At the same time, by broadening the legal meaning of “speech,” the Court eventually provided a platform for organized women, young people, and Black people, alongside journalists, media outlets, and other organizations, to assert new claims to expressive “freedoms” through litigation catalyzed by opposition to the Vietnam War and support for Civil Rights struggles. The Court also set the stage for what, by the 1970s, would become a philosophical departure from classical, liberal, and humanist conceptions of “speech” (123).
In the 1970s, a conservative backlash against 1960s counterculture combined with pro-business, anti-communist sentiment to push questions of “commercial speech” to the fore (142). After the Watergate scandal, Congress sought to reform campaign law by amending the Federal Election Campaign Act in 1974, creating the Federal Election Commission to further regulate campaign spending. The next year, an array of political figures and organizations challenged the amended law, and in the 1976 Buckley v. Valeo decision, the Supreme Court determined that campaign donations constituted an essential part of political speech rather than “conduct”: “The decision ruled that monetary expenditures were a necessary part of political speech (needed in order to secure a medium for that speech, whether that be a physical hall or broadcast airtime), and thus, that restricting campaign expenditures was a restriction on political ideas” (124). In another ruling that same year, Virginia State Board of Pharmacy v. Virginia Citizens Consumer Council, the Court examined “commercial speech” in the form of a local pharmacy’s print ad listing prescription drug prices (143), and in its ruling equated “speech” with the “dissemination of information” as “indispensable to the proper allocation of resources in a free market system.”
Towards the close of the decade, in 1978, local drug prices were compared to corporate political advocacy, marking the moment when “speech” was “captured by business interests” (150). In First National Bank of Boston v. Bellotti, the Court held that “the First Amendment goes beyond protection of the press and the self-expression of individuals to prohibit government from limiting the stock of information from which members of the public may draw.” The Court reasoned that corporate spending on political advocacy served the public good by increasing the amount of information available to the public (155).
As “speech” became “information,” a political free market ideology became a proxy for “freedom.” According to the new theory, any increase in the quantity of “speech” intrinsically furthered the public good, importing advocacy for the corporate “free market system” into the machinery of contemporary legal reasoning (153). Petersen’s “genealogy” traces the Court’s drift away from liberal humanist or civil libertarian concerns with “speech” and towards a neoliberal, “post-humanist” perspective.

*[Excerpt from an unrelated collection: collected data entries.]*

(* Let $R$ be one of the chain rings $\mathbb{G}_4=\mathbb{Z}_4[X]/(X^2+X+1)$, $\mathbb{S}_4=\mathbb{F}_4[X]/(X^2)$, $\mathbb{T}_4=\mathbb{F}_4[X;a\mapsto a^2]/(X^2)$. Then there exists a projective $(201,13)$-arc in $\mathrm{PHG}(2,R)$.
   Context: $\mathbb{F}_4[X;a\mapsto a^2]$ denotes the skew polynomial ring with commutation rule $Xa=a^2X$. For a finite chain ring $R$ of length $2$ with residue field $\mathbb{F}_q$, the projective Hjelmslev plane $\mathrm{PHG}(2,R)$ is the incidence structure whose points are the free rank-$1$ submodules of the right module $R_R^3$, whose lines are the free rank-$2$ submodules of $R_R^3$, with incidence given by inclusion. A projective $(k,n)$-arc is a set of $k$ points meeting every line in at most $n$ points. *)

From HB Require Import structures.
From mathcomp Require Import all_boot all_order all_algebra ring.
Set Implicit Arguments. Unset Strict Implicit. Unset Printing Implicit Defensive.
Import GRing.Theory.
Local Open Scope ring_scope.

(* The field F_4 = F_2[w]/(w^2+w+1), element a + b w encoded as (a,b). *)
Inductive F4 := MkF4 of bool * bool.
Definition f4val (x : F4) := let: MkF4 p := x in p.
HB.instance Definition _ := [isNew for f4val].
HB.instance Definition _ := [Finite of F4 by <:].

Definition f40 := MkF4 (false, false).
Definition f41 := MkF4 (true, false).
Definition f4add (x y : F4) :=
  let: MkF4 (a, b) := x in let: MkF4 (c, d) := y in MkF4 (addb a c, addb b d).
Definition f4opp (x : F4) := x.
(* (a + b w)(c + d w) = (ac + bd) + (ad + bc + bd) w *)
Definition f4mul (x y : F4) :=
  let: MkF4 (a, b) := x in let: MkF4 (c, d) := y in
  MkF4 (addb (a && c) (b && d), addb (addb (a && d) (b && c)) (b && d)).

Lemma f4addA : associative f4add.
Proof. by move=> [[[] []]] [[[] []]] [[[] []]]. Qed.
Lemma f4addC : commutative f4add.
Proof. by move=> [[[] []]] [[[] []]]. Qed.
Lemma f4add0 : left_id f40 f4add.
Proof. by move=> [[[] []]]. Qed.
Lemma f4addN : left_inverse f40 f4opp f4add.
Proof. by move=> [[[] []]]. Qed.
Lemma f4mulA : associative f4mul.
Proof. by move=> [[[] []]] [[[] []]] [[[] []]]. Qed.
Lemma f4mulC : commutative f4mul.
Proof. by move=> [[[] []]] [[[] []]]. Qed.
Lemma f4mul1 : left_id f41 f4mul.
Proof. by move=> [[[] []]]. Qed.
Lemma f4mulDl : left_distributive f4mul f4add.
Proof. by move=> [[[] []]] [[[] []]] [[[] []]]. Qed.
Lemma f4one_neq0 : f41 != f40. Proof. by []. Qed.

HB.instance Definition _ := GRing.isZmodule.Build F4 f4addA f4addC f4add0 f4addN.
HB.instance Definition _ := GRing.Zmodule_isComNzRing.Build F4
  f4mulA f4mulC f4mul1 f4mulDl f4one_neq0.

Definition f4frob (x : F4) : F4 := x ^+ 2.

(* S_4 = F_4[X]/(X^2): element a + b t (t = class of X), t^2 = 0.      *)
Inductive S4 := MkS4 of F4 * F4.
Definition s4val (x : S4) := let: MkS4 p := x in p.
HB.instance Definition _ := [isNew for s4val].
HB.instance Definition _ := [Finite of S4 by <:].

Definition s4zero := MkS4 (0, 0).
Definition s4one := MkS4 (1, 0).
Definition s4add (x y : S4) :=
  let: MkS4 (a, b) := x in let: MkS4 (c, d) := y in MkS4 (a + c, b + d).
Definition s4opp (x : S4) := let: MkS4 (a, b) := x in MkS4 (- a, - b).
Definition s4mul (x y : S4) :=
  let: MkS4 (a, b) := x in let: MkS4 (c, d) := y in MkS4 (a * c, a * d + b * c).

Lemma s4addA : associative s4add.
Proof. by move=> [[a b]] [[c d]] [[e f]]; congr (MkS4 (_, _)); ring. Qed.
Lemma s4addC : commutative s4add.
Proof. by move=> [[a b]] [[c d]]; congr (MkS4 (_, _)); ring. Qed.
Lemma s4add0 : left_id s4zero s4add.
Proof. by move=> [[a b]]; congr (MkS4 (_, _)); ring. Qed.
Lemma s4addN : left_inverse s4zero s4opp s4add.
Proof. by move=> [[a b]]; congr (MkS4 (_, _)); ring. Qed.
Lemma s4mulA : associative s4mul.
Proof. by move=> [[a b]] [[c d]] [[e f]]; congr (MkS4 (_, _)); ring. Qed.
Lemma s4mul1 : left_id s4one s4mul.
Proof. by move=> [[a b]]; congr (MkS4 (_, _)); ring. Qed.
Lemma s4mulr1 : right_id s4one s4mul.
Proof. by move=> [[a b]]; congr (MkS4 (_, _)); ring. Qed.
Lemma s4mulDl : left_distributive s4mul s4add.
Proof. by move=> [[a b]] [[c d]] [[e f]]; congr (MkS4 (_, _)); ring. Qed.
Lemma s4mulDr : right_distributive s4mul s4add.
Proof. by move=> [[a b]] [[c d]] [[e f]]; congr (MkS4 (_, _)); ring. Qed.
Lemma s4one_neq0 : s4one != s4zero. Proof. by []. Qed.

HB.instance Definition _ := GRing.isNzRing.Build S4 s4addA s4addC s4add0 s4addN
  s4mulA s4mul1 s4mulr1 s4mulDl s4mulDr s4one_neq0.

(* T_4 = F_4[X; a |-> a^2]/(X^2): element a + b t, with t c = c^2 t,   *)
(* t^2 = 0.  (a + b t)(c + d t) = ac + (ad + b c^2) t.                  *)
Inductive T4 := MkT4 of F4 * F4.
Definition t4val (x : T4) := let: MkT4 p := x in p.
HB.instance Definition _ := [isNew for t4val].
HB.instance Definition _ := [Finite of T4 by <:].

Definition t4zero := MkT4 (0, 0).
Definition t4one := MkT4 (1, 0).
Definition t4add (x y : T4) :=
  let: MkT4 (a, b) := x in let: MkT4 (c, d) := y in MkT4 (a + c, b + d).
Definition t4opp (x : T4) := let: MkT4 (a, b) := x in MkT4 (- a, - b).
Definition t4mul (x y : T4) :=
  let: MkT4 (a, b) := x in let: MkT4 (c, d) := y in
  MkT4 (a * c, a * d + b * f4frob c).

Lemma f4frobD (x y : F4) : f4frob (x + y) = f4frob x + f4frob y.
Proof. by move: x y => [[[] []]] [[[] []]]. Qed.
Lemma f4frobM (x y : F4) : f4frob (x * y) = f4frob x * f4frob y.
Proof. by rewrite /f4frob exprMn. Qed.
Lemma f4frob1 : f4frob 1 = 1.
Proof. by rewrite /f4frob expr1n. Qed.

Lemma t4addA : associative t4add.
Proof. by move=> [[a b]] [[c d]] [[e f]]; congr (MkT4 (_, _)); ring. Qed.
Lemma t4addC : commutative t4add.
Proof. by move=> [[a b]] [[c d]]; congr (MkT4 (_, _)); ring. Qed.
Lemma t4add0 : left_id t4zero t4add.
Proof. by move=> [[a b]]; congr (MkT4 (_, _)); ring. Qed.
Lemma t4addN : left_inverse t4zero t4opp t4add.
Proof. by move=> [[a b]]; congr (MkT4 (_, _)); ring. Qed.
Lemma t4mulA : associative t4mul.
Proof.
by move=> [[a b]] [[c d]] [[e f]]; rewrite /t4mul f4frobM;
  congr (MkT4 (_, _)); ring.
Qed.
Lemma t4mul1 : left_id t4one t4mul.
Proof. by move=> [[a b]]; congr (MkT4 (_, _)); ring. Qed.
Lemma t4mulr1 : right_id t4one t4mul.
Proof.
move=> [[a b]]; congr (MkT4 (_, _)); first by rewrite mulr1.
by move: a b => [[[] []]] [[[] []]].
Qed.
Lemma t4mulDl : left_distributive t4mul t4add.
Proof. by move=> [[a b]] [[c d]] [[e f]]; congr (MkT4 (_, _)); ring. Qed.
Lemma t4mulDr : right_distributive t4mul t4add.
Proof.
by move=> [[a b]] [[c d]] [[e f]]; rewrite /t4mul /t4add f4frobD;
  congr (MkT4 (_, _)); ring.
Qed.
Lemma t4one_neq0 : t4one != t4zero. Proof. by []. Qed.

HB.instance Definition _ := GRing.isNzRing.Build T4 t4addA t4addC t4add0 t4addN
  t4mulA t4mul1 t4mulr1 t4mulDl t4mulDr t4one_neq0.

(* G_4 = Z_4[X]/(X^2+X+1) (Galois ring GR(16,4)): element a + b x with *)
(* a, b in Z/4Z and x^2 = -1 - x.                                      *)
Inductive G4 := MkG4 of 'Z_4 * 'Z_4.
Definition g4val (x : G4) := let: MkG4 p := x in p.
HB.instance Definition _ := [isNew for g4val].
HB.instance Definition _ := [Finite of G4 by <:].

Definition g4zero := MkG4 (0, 0).
Definition g4one := MkG4 (1, 0).
Definition g4add (x y : G4) :=
  MkG4 ((g4val x).1 + (g4val y).1, (g4val x).2 + (g4val y).2).
Definition g4opp (x : G4) := MkG4 (- (g4val x).1, - (g4val x).2).
Definition g4mul (x y : G4) :=
  let: MkG4 (a, b) := x in let: MkG4 (c, d) := y in
  MkG4 (a * c - b * d, a * d + b * c - b * d).

Lemma g4addA : associative g4add.
Proof. by move=> [[a b]] [[c d]] [[e f]]; congr (MkG4 (_, _)); rewrite /= addrA. Qed.
Lemma g4addC : commutative g4add.
Proof. by move=> [[a b]] [[c d]]; congr (MkG4 (_, _)); rewrite /= addrC. Qed.
Lemma g4add0 : left_id g4zero g4add.
Proof. by move=> [[a b]]; congr (MkG4 (_, _)); rewrite /= add0r. Qed.
Lemma g4addN : left_inverse g4zero g4opp g4add.
Proof. by move=> [[a b]]; congr (MkG4 (_, _)); rewrite /= addNr. Qed.
Lemma g4mulA : associative g4mul.
Proof. move=> [[a b]] [[c d]] [[e f]]; rewrite /g4mul /=; congr (MkG4 (_, _)); ring. Qed.
Lemma g4mul1 : left_id g4one g4mul.
Proof. move=> [[a b]]; rewrite /g4mul /=; congr (MkG4 (_, _)); ring. Qed.
Lemma g4mulr1 : right_id g4one g4mul.
Proof. move=> [[a b]]; rewrite /g4mul /=; congr (MkG4 (_, _)); ring. Qed.
Lemma g4mulDl : left_distributive g4mul g4add.
Proof. move=> [[a b]] [[c d]] [[e f]]; rewrite /g4mul /g4add /=; congr (MkG4 (_, _)); ring. Qed.
Lemma g4mulDr : right_distributive g4mul g4add.
Proof. move=> [[a b]] [[c d]] [[e f]]; rewrite /g4mul /g4add /=; congr (MkG4 (_, _)); ring. Qed.
Lemma g4one_neq0 : g4one != g4zero. Proof. by []. Qed.

HB.instance Definition _ := GRing.isNzRing.Build G4 g4addA g4addC g4add0 g4addN
  g4mulA g4mul1 g4mulr1 g4mulDl g4mulDr g4one_neq0.

(* Vectors of R^3 are row vectors 'rV[R]_3; R^3 is a RIGHT R-module.   *)

Section PHG.
Variable R : finNzRingType.

Definition rscale (v : 'rV[R]_3) (r : R) : 'rV[R]_3 := \row_j (v 0 j * r).

Definition rcomb (k : nat) (B : 'I_k -> 'rV[R]_3) (c : {ffun 'I_k -> R}) : 'rV[R]_3 :=
  \sum_(i < k) rscale (B i) (c i).

Definition free_submodule (k : nat) (S : {set 'rV[R]_3}) : Prop :=
  exists B : 'I_k -> 'rV[R]_3,
    S = [set rcomb B c | c : {ffun 'I_k -> R}] /\ injective (rcomb B).

Definition phg_point (P : {set 'rV[R]_3}) : Prop := free_submodule 1 P.
Definition phg_line (L : {set 'rV[R]_3}) : Prop := free_submodule 2 L.

Definition proj_arc (k n : nat) (A : {set {set 'rV[R]_3}}) : Prop :=
  [/\ forall P, P \in A -> phg_point P,
      #|A| = k &
      forall L, phg_line L -> #|[set P in A | P \subset L]| <= n]%N.
End PHG.

(** The arcs are given explicitly, each point of PHG(2,R) by a vector having a
    coordinate equal to 1.  Two vectors [v], [w] with [v_j = 1] such that
    [w_k - v_k w_j] is left invertible for some [k] form a free pair, and a free
    rank-2 submodule containing a free pair is spanned by it, both spans having
    [|R|^2] elements.  So a line through an arc point [v] either contains no arc
    point forming such a pair with [v], or it is spanned by [v] and such a point
    [w] and thus lies in the kernel of every linear form vanishing at [v] and [w].
    The rest is computation: for each arc point [v] at most 13 arc points do not
    form such a pair with [v], every such pair lies on the kernel of a listed
    form, and each listed form vanishes at at most 13 arc points. *)

From HB Require Import structures.
From mathcomp Require Import all_boot all_order all_algebra.
Set Implicit Arguments. Unset Strict Implicit. Unset Printing Implicit Defensive.
Import GRing.Theory.
Local Open Scope ring_scope.

Section Geometry.
Variable R : finNzRingType.
Local Notation vec := 'rV[R]_3.

Definition rspan k (B : 'I_k -> vec) : {set vec} := [set rcomb B c | c : {ffun 'I_k -> R}].
Definition point_of (x : vec) : {set vec} := rspan (fun _ : 'I_1 => x).
Definition pair2 (x y : vec) (i : 'I_2) : vec := if i == ord0 then x else y.
Definition lform (l x : vec) : R := \sum_j l 0 j * x 0 j.

Lemma rcombE k (B : 'I_k -> vec) c j : rcomb B c 0 j = \sum_i B i 0 j * c i.
Proof. by rewrite /rcomb summxE; apply: eq_bigr => i _; rewrite mxE. Qed.

Lemma rcombB k (B : 'I_k -> vec) c d : rcomb B (c - d) = rcomb B c - rcomb B d.
Proof.
apply/rowP => j; rewrite !mxE !rcombE -sumrB.
by apply: eq_bigr => i _; rewrite !ffunE mulrBr.
Qed.

Lemma rcomb_inj k (B : 'I_k -> vec) :
  (forall c, rcomb B c = 0 -> c = 0) -> injective (rcomb B).
Proof.
move=> ker0 c d /eqP; rewrite -subr_eq0 -rcombB => /eqP/ker0/eqP.
by rewrite subr_eq0 => /eqP.
Qed.

Lemma rcomb_rspan k m (B : 'I_k -> vec) (C : 'I_m -> vec) c :
  (forall i, C i \in rspan B) -> rcomb C c \in rspan B.
Proof.
move=> CB; have /fin_all_exists [d dP] : forall i, exists d, C i = rcomb B d.
  by move=> i; have /imsetP [d _ ->] := CB i; exists d.
apply/imsetP; exists [ffun l => \sum_i d i l * c i] => //.
apply/rowP => j; rewrite !rcombE; under eq_bigr => i _ do rewrite dP rcombE mulr_suml.
rewrite exchange_big; apply: eq_bigr => l _; rewrite ffunE mulr_sumr.
by apply: eq_bigr => i _; rewrite mulrA.
Qed.

Lemma card_rspan k (B : 'I_k -> vec) :
  injective (rcomb B) -> #|rspan B| = (#|R| ^ k)%N.
Proof. by move=> injB; rewrite card_imset // card_ffun card_ord. Qed.

Lemma rspan_free_eq k (B C : 'I_k -> vec) :
  injective (rcomb B) -> injective (rcomb C) ->
  (forall i, C i \in rspan B) -> rspan C = rspan B.
Proof.
move=> injB injC CB; apply/setP/subset_cardP; first by rewrite !card_rspan.
by apply/subsetP => _ /imsetP [c _ ->]; apply: rcomb_rspan.
Qed.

Among the many unsettled questions regarding how machines might “speak” through new legal uses of “information” or “communication” or “signals,” Petersen’s legal genealogy in How Machines Came to Speak concludes with some discussion of a peculiar, unfortunate offspring of the Court’s “post-humanist” precedents regarding “speech.” The 2001 case of Universal City Studios, Inc. v. Corley took place in my intellectual backyard, and for many years I’ve been aware of its relevance as an artist, educator, and open-source software enthusiast.
Eric Corley, the independent publisher of 2600: The Hacker Quarterly since 1984, published code for a short computer program called DeCSS (161). When executed, the program can bypass the encrypted,
digital rights management (DRM) system licensed by both movie studios and hardware manufacturers of the consumer DVD platform (160). While the DeCSS code has a range of perfectly legal uses—from security research to remix art to the need for film faculty to extract movie stills for lectures—the simple act of bypassing a commercial copy protection system, for whatever protected use, is illegal under the Digital Millennium Copyright Act of 1998. A number of studios sued—and collectively prevailed—to prevent the code’s further publication or distribution.
In Corley , the Supreme Court found that neither the “speech” status of the DeCSS code nor its output qualified it, its author, or its publisher for protection as “expression” under the First Amendment (175)—not as a press, not for the code’s intelligibility as a political statement about corporate control of culture, and not for the benefit of activist coders or cultural researchers.
In the years since Corley , the tempo set by Supreme Court precedent has, however, protected code and its output when large corporations seek exemptions from various forms of regulation. Lower courts also upheld algorithmic, internet search results as protected “speech” in rulings like Search King, Inc. v Google Technology, Inc. (2003), Langdon v Google, Inc. (2007), and Zhang v Baidu. com, Inc. (2014) (179). These and other rulings are part of a broader, organized movement to grant commercial enterprise and corporate “persons” more of the Constitutional protections previously conceived with individuals and smaller proprietorships in mind.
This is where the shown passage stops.